[[ Records provided, beginning ]]
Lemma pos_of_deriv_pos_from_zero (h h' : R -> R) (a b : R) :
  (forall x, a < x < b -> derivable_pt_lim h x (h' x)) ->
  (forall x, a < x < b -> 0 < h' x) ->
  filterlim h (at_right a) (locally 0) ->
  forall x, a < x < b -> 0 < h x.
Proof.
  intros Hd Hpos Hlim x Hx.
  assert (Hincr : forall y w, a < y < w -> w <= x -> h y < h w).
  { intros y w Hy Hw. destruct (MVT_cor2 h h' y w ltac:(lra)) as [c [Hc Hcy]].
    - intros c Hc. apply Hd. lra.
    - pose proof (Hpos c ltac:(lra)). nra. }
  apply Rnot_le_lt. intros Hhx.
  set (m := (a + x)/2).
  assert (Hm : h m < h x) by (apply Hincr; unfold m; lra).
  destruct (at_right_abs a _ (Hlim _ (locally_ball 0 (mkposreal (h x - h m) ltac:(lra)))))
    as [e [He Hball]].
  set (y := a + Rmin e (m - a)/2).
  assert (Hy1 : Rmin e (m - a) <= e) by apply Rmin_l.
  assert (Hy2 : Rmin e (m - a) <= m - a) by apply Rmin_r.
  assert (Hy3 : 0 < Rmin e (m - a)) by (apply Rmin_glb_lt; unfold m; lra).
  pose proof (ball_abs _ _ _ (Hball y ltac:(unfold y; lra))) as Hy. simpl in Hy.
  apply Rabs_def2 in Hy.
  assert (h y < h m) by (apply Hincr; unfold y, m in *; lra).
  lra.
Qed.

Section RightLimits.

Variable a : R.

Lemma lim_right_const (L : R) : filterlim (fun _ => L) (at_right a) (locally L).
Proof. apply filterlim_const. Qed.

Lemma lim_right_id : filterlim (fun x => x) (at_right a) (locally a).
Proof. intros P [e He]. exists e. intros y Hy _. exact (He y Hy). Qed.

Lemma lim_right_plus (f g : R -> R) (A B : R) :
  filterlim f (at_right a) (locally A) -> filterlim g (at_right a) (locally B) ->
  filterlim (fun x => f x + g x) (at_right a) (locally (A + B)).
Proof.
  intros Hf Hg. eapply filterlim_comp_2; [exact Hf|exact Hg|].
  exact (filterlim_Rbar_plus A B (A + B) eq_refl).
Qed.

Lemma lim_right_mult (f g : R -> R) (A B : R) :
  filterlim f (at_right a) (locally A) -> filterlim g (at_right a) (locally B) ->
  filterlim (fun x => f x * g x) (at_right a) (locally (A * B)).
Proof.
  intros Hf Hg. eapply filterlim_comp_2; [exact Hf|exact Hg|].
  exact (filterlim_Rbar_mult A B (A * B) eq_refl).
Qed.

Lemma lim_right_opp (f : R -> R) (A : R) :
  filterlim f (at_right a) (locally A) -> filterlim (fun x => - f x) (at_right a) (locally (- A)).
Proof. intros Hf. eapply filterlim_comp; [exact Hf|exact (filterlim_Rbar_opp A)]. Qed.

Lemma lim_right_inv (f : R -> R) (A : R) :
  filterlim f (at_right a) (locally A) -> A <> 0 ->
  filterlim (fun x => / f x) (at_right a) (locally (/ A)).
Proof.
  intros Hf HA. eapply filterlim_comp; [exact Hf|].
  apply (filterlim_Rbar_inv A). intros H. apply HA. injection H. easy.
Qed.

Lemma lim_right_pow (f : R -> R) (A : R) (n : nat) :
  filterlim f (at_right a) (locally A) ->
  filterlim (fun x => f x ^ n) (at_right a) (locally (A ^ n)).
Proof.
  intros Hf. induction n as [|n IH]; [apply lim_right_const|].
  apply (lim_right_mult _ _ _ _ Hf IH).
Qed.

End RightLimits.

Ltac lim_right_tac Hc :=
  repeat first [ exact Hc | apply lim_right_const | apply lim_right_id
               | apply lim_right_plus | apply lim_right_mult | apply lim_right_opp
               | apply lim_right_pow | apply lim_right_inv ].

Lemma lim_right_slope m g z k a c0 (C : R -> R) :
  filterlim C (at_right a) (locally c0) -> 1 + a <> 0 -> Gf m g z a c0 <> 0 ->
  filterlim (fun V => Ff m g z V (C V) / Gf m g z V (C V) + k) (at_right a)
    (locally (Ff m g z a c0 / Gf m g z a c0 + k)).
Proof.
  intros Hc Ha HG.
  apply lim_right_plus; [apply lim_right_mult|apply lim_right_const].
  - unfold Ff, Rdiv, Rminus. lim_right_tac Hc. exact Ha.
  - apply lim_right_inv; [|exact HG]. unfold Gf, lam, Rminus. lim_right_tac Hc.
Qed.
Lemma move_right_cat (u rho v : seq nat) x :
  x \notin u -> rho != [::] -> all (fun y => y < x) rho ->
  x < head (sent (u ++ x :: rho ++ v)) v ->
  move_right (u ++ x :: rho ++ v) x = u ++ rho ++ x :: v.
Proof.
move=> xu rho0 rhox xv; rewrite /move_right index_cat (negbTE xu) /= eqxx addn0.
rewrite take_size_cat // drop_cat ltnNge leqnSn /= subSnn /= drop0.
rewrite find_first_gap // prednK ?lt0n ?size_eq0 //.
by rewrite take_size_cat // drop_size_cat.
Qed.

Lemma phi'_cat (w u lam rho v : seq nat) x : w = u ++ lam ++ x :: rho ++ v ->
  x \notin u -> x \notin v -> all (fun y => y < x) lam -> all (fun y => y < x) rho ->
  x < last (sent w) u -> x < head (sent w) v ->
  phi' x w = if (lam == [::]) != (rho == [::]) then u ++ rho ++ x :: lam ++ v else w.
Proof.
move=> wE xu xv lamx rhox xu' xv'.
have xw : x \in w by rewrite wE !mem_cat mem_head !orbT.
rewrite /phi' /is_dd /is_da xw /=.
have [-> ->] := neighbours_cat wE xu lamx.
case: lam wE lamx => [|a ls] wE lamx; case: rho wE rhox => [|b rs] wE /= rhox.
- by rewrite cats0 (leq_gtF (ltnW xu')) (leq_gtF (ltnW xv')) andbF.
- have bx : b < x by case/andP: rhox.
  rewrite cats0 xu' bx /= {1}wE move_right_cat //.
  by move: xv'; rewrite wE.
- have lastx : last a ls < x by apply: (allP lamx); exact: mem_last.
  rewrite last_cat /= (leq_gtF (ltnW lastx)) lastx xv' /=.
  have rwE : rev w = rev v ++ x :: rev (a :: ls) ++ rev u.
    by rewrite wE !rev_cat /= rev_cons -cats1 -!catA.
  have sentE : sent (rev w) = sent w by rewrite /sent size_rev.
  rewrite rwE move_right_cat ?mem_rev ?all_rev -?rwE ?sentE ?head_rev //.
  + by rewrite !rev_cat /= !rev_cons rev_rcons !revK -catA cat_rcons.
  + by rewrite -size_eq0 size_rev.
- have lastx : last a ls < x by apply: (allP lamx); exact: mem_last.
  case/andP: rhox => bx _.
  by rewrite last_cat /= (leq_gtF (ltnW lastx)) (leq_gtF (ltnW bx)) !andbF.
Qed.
[[ Records provided, end ]]
What this task involves >>
Above are the entries. Copy exactly the part that opens with the line containing "exact (filterlim_Rbar_mult A" and closes with the line containing "apply lim_right_inv ].", and no more.

Task response >>
  exact (filterlim_Rbar_mult A B (A * B) eq_refl).
Qed.

Lemma lim_right_opp (f : R -> R) (A : R) :
  filterlim f (at_right a) (locally A) -> filterlim (fun x => - f x) (at_right a) (locally (- A)).
Proof. intros Hf. eapply filterlim_comp; [exact Hf|exact (filterlim_Rbar_opp A)]. Qed.

Lemma lim_right_inv (f : R -> R) (A : R) :
  filterlim f (at_right a) (locally A) -> A <> 0 ->
  filterlim (fun x => / f x) (at_right a) (locally (/ A)).
Proof.
  intros Hf HA. eapply filterlim_comp; [exact Hf|].
  apply (filterlim_Rbar_inv A). intros H. apply HA. injection H. easy.
Qed.

Lemma lim_right_pow (f : R -> R) (A : R) (n : nat) :
  filterlim f (at_right a) (locally A) ->
  filterlim (fun x => f x ^ n) (at_right a) (locally (A ^ n)).
Proof.
  intros Hf. induction n as [|n IH]; [apply lim_right_const|].
  apply (lim_right_mult _ _ _ _ Hf IH).
Qed.

End RightLimits.

Ltac lim_right_tac Hc :=
  repeat first [ exact Hc | apply lim_right_const | apply lim_right_id
               | apply lim_right_plus | apply lim_right_mult | apply lim_right_opp
               | apply lim_right_pow | apply lim_right_inv ].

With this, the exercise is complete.